How to promote your artwork online?

This title is misleading. It sounds like I’m about to impart some advice. But I’m afraid there’s no genius insight here. I’m asking the question. What’s the best way to promote Jon Anderson’s fimo animals online? This task of Jon’s polymer clay art promotion has been given to me, the wife, a former newspaper editor and art writer who knows as much about e-commerce as I do Nascar pit crews. I’m old school art press, and sometimes feel like Jon added a dinosaur to his menagerie of fimocreations.

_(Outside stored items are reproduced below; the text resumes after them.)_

(* Let $A$ be an $n\times m$ matrix with entries in $\{0,1,-1\}$, $n\ge 2$. (i) If each column of $A$ has at most two nonzero entries, then for each $B\in\mathcal{Q}_0(A^t)$, $AB$ and $(AB)^{[2]}$ are $P_0$-matrices, and $AB$ is positive semistable. (ii) If each row of $A$ has at most two nonzero entries, then for each $B\in\mathcal{Q}_0(A^t)$, $AB$ is positive semistable.
   Context: For $M\in\mathbb{R}^{n\times m}$, $\mathcal{Q}(M)$ is the set of real matrices with the same entrywise sign pattern as $M$, and $\mathcal{Q}_0(M)$ its closure. A square real matrix is a $P_0$-matrix if all principal minors are nonnegative, and positive semistable if all eigenvalues have nonnegative real part. $M^{[2]}$ denotes the second additive compound of $M\in\mathbb{R}^{n\times n}$: the matrix of $u\wedge v\mapsto Mu\wedge v+u\wedge Mv$ on $\Lambda^2\mathbb{R}^n$ in the lexicographically ordered basis $e_i\wedge e_j$, $i<j$. *)

From HB Require Import structures.
From mathcomp Require Import all_boot all_order all_algebra.
From mathcomp Require Import complex.
Set Implicit Arguments. Unset Strict Implicit. Unset Printing Implicit Defensive.
Import Order.TTheory GRing.Theory Num.Theory.
Local Open Scope ring_scope.

Definition in_Q (R : realDomainType) n m (M B : 'M[R]_(n, m)) : Prop :=
  forall i j, Num.sg (B i j) = Num.sg (M i j).

(* Q_0(M): closure of Q(M), i.e. each entry of B is 0 or has the sign of
   the corresponding entry of M. *)
Definition in_Q0 (R : realDomainType) n m (M B : 'M[R]_(n, m)) : Prop :=
  forall i j, Num.sg (B i j) = 0 \/ Num.sg (B i j) = Num.sg (M i j).

Definition principal_submx (R : pzRingType) n (M : 'M[R]_n) (S : {set 'I_n}) :
  'M[R]_#|S| := \matrix_(i, j) M (enum_val i) (enum_val j).

Definition P0_matrix (R : realDomainType) n (M : 'M[R]_n) : Prop :=
  forall S : {set 'I_n}, 0 <= \det (principal_submx M S).

Definition pos_semistable (R : rcfType) n (M : 'M[R]_n) : Prop :=
  forall z : R[i], eigenvalue (map_mx (@real_complex R) M) z -> 0 <= complex.Re z.

(* basis e_i /\ e_j, i < j, in lexicographic order *)
Definition wedge_pairs n : seq ('I_n * 'I_n) :=
  [seq (i, j) | i : 'I_n <- enum 'I_n, j : 'I_n <- filter (fun j : 'I_n => (i < j)%N) (enum 'I_n)].

Definition wp n (p : 'I_(size (wedge_pairs n))) : 'I_n * 'I_n :=
  tnth (in_tuple (wedge_pairs n)) p.

(* second additive compound: matrix of u/\v |-> Mu/\v + u/\Mv in the basis
   (e_i /\ e_j)_{i<j}, lexicographically ordered.  Entry in row e_k/\e_l,
   column e_i/\e_j is the coefficient of e_k/\e_l in
   M e_i /\ e_j + e_i /\ M e_j. *)
Definition compound2 (R : pzRingType) n (M : 'M[R]_n) :
  'M[R]_(size (wedge_pairs n)) :=
  \matrix_(r, c)
    let: (k, l) := wp r in let: (i, j) := wp c in
      (j == l)%:R * M k i - (j == k)%:R * M l i
    + (i == k)%:R * M l j - (i == l)%:R * M k j.

From mathcomp Require Import all_boot all_order all_algebra.
From mathcomp Require Import complex polyrcf.
From mathcomp.algebra_tactics Require Import lra.
Import Order.TTheory GRing.Theory Num.Theory.
Local Open Scope ring_scope.
Set Implicit Arguments. Unset Strict Implicit. Unset Printing Implicit Defensive.

(* Under hypothesis (i), N := AB is column diagonally dominant with nonnegative
   diagonal: B k j contributes A j k * B k j = |B k j| to N j j, and at most
   |B k j| to the rest of column j, because column k of A has at most one other
   nonzero entry, of modulus 1.  By Gershgorin's theorem (for columns) every
   eigenvalue z of such an N satisfies |z - N j j| <= N j j for some j, so
   Re z >= 0, and real eigenvalues are >= 0.  The latter makes det N >= 0: the
   characteristic polynomial of -N is monic, equals det N at 0 and has no
   positive root.  Column dominance passes to principal submatrices and to the
   second additive compound, whence the P_0 properties.  For (ii), (AB)^T =
   B^T A^T has the same nonzero eigenvalues as A^T B^T, to which (i) applies. *)

Definition col_dominant (R : numDomainType) n (N : 'M[R]_n) :=
  forall j, \sum_(i | i != j) `|N i j| <= N j j.

Lemma gershgorin_col (C : numFieldType) n (N : 'M[C]_n) (v : 'rV[C]_n) z :
  v *m N = z *: v -> v != 0 ->
  exists j, `|z - N j j| <= \sum_(i | i != j) `|N i j|.
Proof.
move=> vN_zv /matrix0Pn[i1 [i0 vi0_neq0]]; rewrite (ord1 i1) in vi0_neq0.
have norm_cmp i k : (`|v 0 i| >=< `|v 0 k|)%O.
  exact: real_comparable (normr_real _) (normr_real _).
have [j _ vj_max] := @comparable_arg_maxP _ _ _ i0 predT (fun i => `|v 0 i|) isT
  (fun i k _ _ => norm_cmp i k).
exists j.
have vj_gt0 : 0 < `|v 0 j| by apply: lt_le_trans (vj_max i0 isT); rewrite normr_gt0.
rewrite -(ler_pM2r vj_gt0) -normrM.
have -> : (z - N j j) * v 0 j = \sum_(i | i != j) v 0 i * N i j.
  move/matrixP/(_ 0 j): vN_zv; rewrite !mxE (bigD1 j) //= => vNj.
  by rewrite mulrBl -vNj mulrC addrAC subrr add0r.
rewrite mulr_suml; apply: le_trans (ler_norm_sum _ _ _) _.
apply: ler_sum => i _; rewrite normrM mulrC.
by apply: ler_wpM2l => //; apply: vj_max.
Qed.

Lemma col_dominant_eigenvalue_disc (C : numFieldType) n (N : 'M[C]_n) z :
  col_dominant N -> eigenvalue N z -> exists j, `|z - N j j| <= N j j.
Proof.
move=> Ndom /eigenvalueP[v vN_zv v_neq0].
have [j zj] := gershgorin_col vN_zv v_neq0.
by exists j; apply: le_trans zj (Ndom j).
Qed.

Lemma col_dominant_eigenvalue_ge0 (R : realFieldType) n (N : 'M[R]_n) z :
  col_dominant N -> eigenvalue N z -> 0 <= z.
Proof.
move=> Ndom /(col_dominant_eigenvalue_disc Ndom)[j].
by rewrite ler_distl subrr => /andP[].
Qed.

Lemma col_dominant_det_ge0 (R : rcfType) n (N : 'M[R]_n) :
  col_dominant N -> 0 <= \det N.
Proof.
move=> Ndom; rewrite leNgt; apply/negP => detN_lt0.
pose p := char_poly (- N).
have p0 : p.[0] = \det N.
  rewrite horner_coef0 char_poly_det -scaleN1r detZ mulrA -exprMn.
  by rewrite mulrNN mulr1 expr1n mul1r.
have p_root_le0 x : root p x -> x <= 0.
  rewrite -eigenvalue_root_char => /eigenvalueP[v vN v_neq0].
  rewrite -oppr_ge0; apply: (col_dominant_eigenvalue_ge0 Ndom).
  by apply/eigenvalueP; exists v; rewrite // scaleNr -vN mulmxN opprK.
have lc_gt0 : 0 < lead_coef p by rewrite (monicP (char_poly_monic _)).
have [b0 pb_ge] := poly_pinfty_gt_lc lc_gt0.
have [x /andP[x_ge0 _] px] : exists2 x, 0 <= x <= Num.max b0 0 & root p x.
  apply: poly_ivt; first by rewrite le_max lexx orbT.
  rewrite p0 (ltW detN_lt0) /=; apply: le_trans (ltW lc_gt0) (pb_ge _ _).
  by rewrite le_max lexx.
have x0 : x = 0 by apply/eqP; rewrite eq_le x_ge0 p_root_le0.
by move: px; rewrite /root x0 p0 (negPf (ltr0_neq0 detN_lt0)).
Qed.

Lemma col_dominant_principal_submx (R : numDomainType) n (M : 'M[R]_n) S :
  col_dominant M -> col_dominant (principal_submx M S).
Proof.
move=> Mdom j.
have -> : \sum_(i | i != j) `|principal_submx M S i j|
    = \sum_(x in S | x != enum_val j) `|M x (enum_val j)|.
  rewrite big_enum_val_cond /=.
  by apply: eq_big => i; [rewrite (inj_eq enum_val_inj) | rewrite mxE].
rewrite mxE; apply: le_trans (Mdom _); rewrite [leRHS](bigID [in S]) /=.
by rewrite (eq_bigl _ _ (fun i => andbC _ _)) lerDl sumr_ge0.
Qed.

Lemma col_dominant_P0 (R : rcfType) n (M : 'M[R]_n) : col_dominant M -> P0_matrix M.
Proof. by move=> Mdom S; apply/col_dominant_det_ge0/col_dominant_principal_submx. Qed.

Local Open Scope complex_scope.

Lemma normc_real (R : rcfType) (x : R) : `|x%:C| = `|x|%:C.
Proof. by rewrite normc_def /= expr0n /= addr0 sqrtr_sqr. Qed.

Lemma col_dominant_map_complex (R : rcfType) n (N : 'M[R]_n) :
  col_dominant N -> col_dominant (map_mx (real_complex R) N).
Proof.
move=> Ndom j; rewrite mxE; under eq_bigr do rewrite mxE normc_real.
by rewrite -rmorph_sum lecR.
Qed.

Lemma Re_ge0_disc (R : rcfType) (z : R[i]) (d : R) :
  `|z - d%:C| <= d%:C -> (0 <= complex.Re z)%R.
Proof.
move=> zd; have := le_trans (normc_ge_Re _) zd.
by rewrite lecR raddfB /= ler_distl subrr => /andP[].
Qed.

Lemma col_dominant_pos_semistable (R : rcfType) n (N : 'M[R]_n) :
  col_dominant N -> pos_semistable N.
Proof.
move=> /col_dominant_map_complex Ndom z /(col_dominant_eigenvalue_disc Ndom)[j].
by rewrite mxE; apply: Re_ge0_disc.
Qed.

Local Close Scope complex_scope.

Lemma norm_sign_entry (R : realDomainType) (x : R) :
  x \in [:: 0; 1; -1] -> `|x| = (x != 0)%:R.
Proof.
rewrite !inE => /or3P[]/eqP->;
  by rewrite ?normr0 ?normr1 ?normrN1 ?eqxx ?oppr_eq0 ?oner_eq0.
Qed.

Lemma mul_sign_entry_Q0 (R : realDomainType) (a b : R) :
  a \in [:: 0; 1; -1] -> Num.sg b = 0 \/ Num.sg b = Num.sg a -> a * b = `|b|.
Proof.
move=> a_sign [/eqP|sg_ba]; first by rewrite sgr_eq0 => /eqP->; rewrite mulr0 normr0.
have -> : a = Num.sg a.
  by move: a_sign; rewrite !inE => /or3P[]/eqP->; rewrite ?sgr0 ?sgr1 ?sgrN1.
by rewrite -sg_ba normrEsg.
Qed.

Lemma sum_norm_col_neq_le1 (R : realDomainType) n m (A : 'M[R]_(n, m)) j k :
  (forall i, A i k \in [:: 0; 1; -1]) -> (#|[set i | A i k != 0%R]| <= 2)%N ->
  A j k != 0 -> \sum_(i | i != j) `|A i k| <= 1.
Proof.
move=> A_sign col_k Ajk_neq0.
have -> : \sum_(i | i != j) `|A i k| = #|[set i | A i k != 0] :\ j|%:R.
  rewrite -sumr_const big_mkcond [RHS]big_mkcond /=; apply: eq_bigr => i _.
  by rewrite norm_sign_entry // !inE; case: (i != j); case: (A i k != 0).
rewrite -[leRHS]/(1%:R) ler_nat -ltnS.
by move: col_k; rewrite (cardsD1 j) inE Ajk_neq0.
Qed.

Lemma col_dominant_mulmx (R : realDomainType) n m (A : 'M[R]_(n, m)) (B : 'M[R]_(m, n)) :
  (forall i k, A i k \in [:: 0; 1; -1]) ->
  (forall k, (#|[set i | A i k != 0%R]| <= 2)%N) ->
  in_Q0 A^T B -> col_dominant (A *m B).
Proof.
move=> A_sign A_cols BQ0 j.
have BQ0_jk k : Num.sg (B k j) = 0 \/ Num.sg (B k j) = Num.sg (A j k).
  by have := BQ0 k j; rewrite mxE.
rewrite mxE (eq_bigr _ (fun k _ => mul_sign_entry_Q0 (A_sign j k) (BQ0_jk k))).
apply: le_trans (_ : \sum_(i | i != j) \sum_k `|A i k| * `|B k j| <= _).
  apply: ler_sum => i _; rewrite mxE; apply: le_trans (ler_norm_sum _ _ _) _.
  by apply: ler_sum => k _; rewrite normrM.
rewrite exchange_big /=; apply: ler_sum => k _; rewrite -mulr_suml.
have [->|Bkj_neq0] := eqVneq (B k j) 0; first by rewrite normr0 mulr0.
have Ajk_neq0 : A j k != 0.
  case: (BQ0_jk k) => [/eqP|sgBA]; first by rewrite sgr_eq0 (negPf Bkj_neq0).
  by rewrite -sgr_eq0 -sgBA sgr_eq0.
by rewrite ler_piMl // sum_norm_col_neq_le1.
Qed.

Lemma sum_wedge_pairs (V : nmodType) n (F : 'I_n -> 'I_n -> V) :
  \sum_r F (wp r).1 (wp r).2 = \sum_(k < n) \sum_(l < n | (k < l)%N) F k l.
Proof.
rewrite /wp -(big_tnth _ _ _ predT (fun p => F p.1 p.2)).
rewrite /wedge_pairs big_allpairs_dep /= big_enum /=.
by apply: eq_bigr => k _; rewrite big_filter big_enum_cond.
Qed.

Lemma wp_lt n (r : 'I_(size (wedge_pairs n))) : ((wp r).1 < (wp r).2)%N.
Proof.
have := mem_tnth r (in_tuple (wedge_pairs n)); rewrite -/(wp r).
case: (wp r) => i j /allpairsPdep[a [b [_]]].
by rewrite mem_filter => /andP[lt_ab _] [-> ->].
Qed.

Lemma sumr_mulrn_eq (V : nmodType) (I : finType) (P : pred I) (F : I -> V) x :
  \sum_(l | P l) F l *+ (x == l) = F x *+ P x.
Proof.
rewrite big_mkcond (bigD1 x) //= eqxx big1 ?addr0 => [|l /negPf]; first by case: (P x).
by rewrite eq_sym => ->; case: (P l).
Qed.

Lemma sum_wedge_pairs_incident (V : nmodType) n (f : 'I_n -> V) (x : 'I_n) :
  \sum_r (f (wp r).1 *+ (x == (wp r).2) + f (wp r).2 *+ (x == (wp r).1))
  = \sum_(p | p != x) f p.
Proof.
rewrite (sum_wedge_pairs (fun k l => f k *+ (x == l) + f l *+ (x == k))).
under eq_bigr => k _ do rewrite big_split /= sumr_mulrn_eq sumrMnl.
rewrite big_split /= sumr_mulrn_eq /= mulr1n [RHS](bigID (fun p : 'I_n => (p < x)%N)) /=.
rewrite [in LHS]big_mkcond [in RHS]big_mkcond; congr (_ + _).
  apply: eq_bigr => p _; rewrite mulrb.
  by case: ltngtP => lt_px; rewrite ?andbF ?andbT // neq_ltn lt_px.
by apply: eq_bigl => p; rewrite -leqNgt ltn_neqAle eq_sym.
Qed.

Lemma col_dominant_compound2 (R : realFieldType) n (M : 'M[R]_n) :
  col_dominant M -> col_dominant (compound2 M).
Proof.
move=> Mdom c; case Ec: (wp c) (wp_lt c) => [i j] /= lt_ij.
have neq_ij : i != j by rewrite neq_ltn lt_ij.
pose a p : R := `|M p i|; pose b p : R := `|M p j|.
pose bound r := a (wp r).1 *+ (j == (wp r).2) + a (wp r).2 *+ (j == (wp r).1)
              + (b (wp r).1 *+ (i == (wp r).2) + b (wp r).2 *+ (i == (wp r).1)).
have entry_le r : `|compound2 M r c| <= bound r.
  rewrite mxE Ec /bound; case: (wp r) => k l /=; rewrite !mulr_natl.
  rewrite /a /b -!normrMn.
  move: (M k i *+ _) (M l i *+ _) (M l j *+ _) (M k j *+ _) => x1 x2 x3 x4.
  have := ler_normB (x1 - x2 + x3) x4; have := ler_normD (x1 - x2) x3.
  have := ler_normB x1 x2; lra.
have bound_c : bound c = a i + b j.
  by rewrite /bound Ec /= !eqxx (eq_sym j i) (negPf neq_ij) !mulr0n !mulr1n addr0 add0r.
have sum_bound : \sum_r bound r = \sum_(p | p != j) a p + \sum_(p | p != i) b p.
  by rewrite big_split /= !sum_wedge_pairs_incident.
have off_diag_le : \sum_(r | r != c) `|compound2 M r c| <= \sum_r bound r - bound c.
  rewrite [X in _ <= X - _](bigD1 c) //= addrAC subrr add0r.
  by apply: ler_sum => r _; apply: entry_le.
have diag : compound2 M c c = M i i + M j j.
  by rewrite mxE Ec /= !eqxx (eq_sym j i) (negPf neq_ij) !mul1r !mul0r !subr0.
have split_at x (f : 'I_n -> R) : \sum_p f p = f x + \sum_(p | p != x) f p.
  exact: bigD1.
(* Off the diagonal, column c of compound2 M is dominated by the columns i and j
   of M with their entries in rows i and j removed once each. *)
have := split_at i a; have := split_at j a; have := split_at i b; have := split_at j b.
have := Mdom i; have := Mdom j; have : 0 <= a j := normr_ge0 _; have : 0 <= b i := normr_ge0 _.
rewrite diag sum_bound bound_c in off_diag_le *; lra.
Qed.

Lemma eigenvalue_trmx (F : fieldType) n (M : 'M[F]_n) a :
  eigenvalue M^T a = eigenvalue M a.
Proof.
rewrite !eigenvalue_root_char /char_poly /char_poly_mx -det_tr.
by rewrite linearB /= tr_scalar_mx map_trmx trmxK.
Qed.

Lemma eigenvalue_mulmxC (F : fieldType) n m (A : 'M[F]_(n, m)) (B : 'M[F]_(m, n)) a :
  a != 0 -> eigenvalue (A *m B) a -> eigenvalue (B *m A) a.
Proof.
move=> a_neq0 /eigenvalueP[v vAB v_neq0]; apply/eigenvalueP; exists (v *m A).
  by rewrite mulmxA -(mulmxA v) vAB scalemxAl.
apply: contraNneq v_neq0 => vA0.
by move: vAB; rewrite mulmxA vA0 mul0mx => /esym/eqP; rewrite scalemx_eq0 (negPf a_neq0).
Qed.

Lemma pos_semistable_trmx (R : rcfType) n (M : 'M[R]_n) :
  pos_semistable M^T -> pos_semistable M.
Proof. by move=> MT_stable z eig; apply: MT_stable; rewrite -map_trmx eigenvalue_trmx. Qed.

Lemma pos_semistable_mulmx_rows (R : rcfType) n m (A : 'M[R]_(n, m)) (B : 'M[R]_(m, n)) :
  (forall i k, A i k \in [:: 0; 1; -1]) ->
  (forall i, (#|[set k | A i k != 0%R]| <= 2)%N) ->
  in_Q0 A^T B -> pos_semistable (A *m B).
Proof.
move=> A_sign A_rows BQ0; apply: pos_semistable_trmx => z.
have [->|z_neq0] := eqVneq z 0; first by [].
rewrite trmx_mul map_mxM => /(eigenvalue_mulmxC z_neq0); rewrite -map_mxM.
apply: col_dominant_pos_semistable; apply: col_dominant_mulmx.
- by move=> k i; rewrite mxE.
- by move=> k; under eq_finset do rewrite mxE; apply: A_rows.
- by move=> i k; rewrite trmxK !mxE; have := BQ0 k i; rewrite mxE.
Qed.

Unset Implicit Arguments.
Set Strict Implicit.

Theorem proposition4p2 (R : rcfType) (n m : nat) (A : 'M[R]_(n, m)) :
  (2 <= n)%N ->
  (forall i j, A i j \in [:: 0; 1; -1 : R]) ->
  ((forall j, (#|[set i | A i j != 0%R]| <= 2)%N) ->
     forall B : 'M[R]_(m, n), in_Q0 A^T B ->
       P0_matrix (A *m B) /\ P0_matrix (compound2 (A *m B)) /\
       pos_semistable (A *m B)) /\
  ((forall i, (#|[set j | A i j != 0%R]| <= 2)%N) ->
     forall B : 'M[R]_(m, n), in_Q0 A^T B ->
       pos_semistable (A *m B)).
Proof.
move=> _ A_sign; split=> [A_cols B BQ0 | A_rows B BQ0].
  have ABdom := col_dominant_mulmx A_sign A_cols BQ0.
  split; first exact: col_dominant_P0.
  split; first exact/col_dominant_P0/col_dominant_compound2.
  exact: col_dominant_pos_semistable.
exact: pos_semistable_mulmx_rows.
Qed.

Jon Stuart Anderson is polymer clay master, one of the most accomplished artists working in fimo today. His work sells itself. When people can actually see it. Though Jon cringes when I call him a master, I can sense his pride. He has devoted his life to being a fimo artist, and has to feel satisfaction that his fimo creations, fimo animals are collected all over the world. But as handmade objects, created using a milefiore technique to achieve improbable detail, can these tactile 3-dimensional art objects sell themselves in photos alone? It’s being able to hold them, to follow his hallucinatory design narratives that, usually, sell his work.

Often, I’m told, people purchase Jon Anderson fimocreations online because they’ve seen his work in person. Held it. But what of the work Jon hasn’t released anywhere but online, the one-of-a-kind art he only offers on his website? As an artist, Jon has no desire to rest on his laurels. He’s constantly innovating. So how does that new work find its way into patrons’ hands?

I created a facebook fan page, and with the help of a fresh web designer, Jon Stuart Anderson’s artist website. When Jon created shoes using a groundbreaking polymer clay image transfer technique he developed, I posted the shoes on both his facebook page and website. Someone shared this post, explaining, with authority, that the fimo design had been ‘photocopied’. Had she have been able to touch the shoes, she would have understood by the texture that the fimo had been transferred directly onto the canvas.

Last week I suddenly got several inquiries about Jon’s fimo design shoes. Was facebook outreach working? Not exactly. Cynthia Tinapple had written an article about Jon’s image transfer technique in her publication, Polymer Clay Daily.

Maybe I’m not such a dinosaur after all. We still need the press, though it has taken on other forms. Thank you Cynthia Tinapple, and all the other journalists writing about art and polymer clay who do a large part in keeping us informed and connected.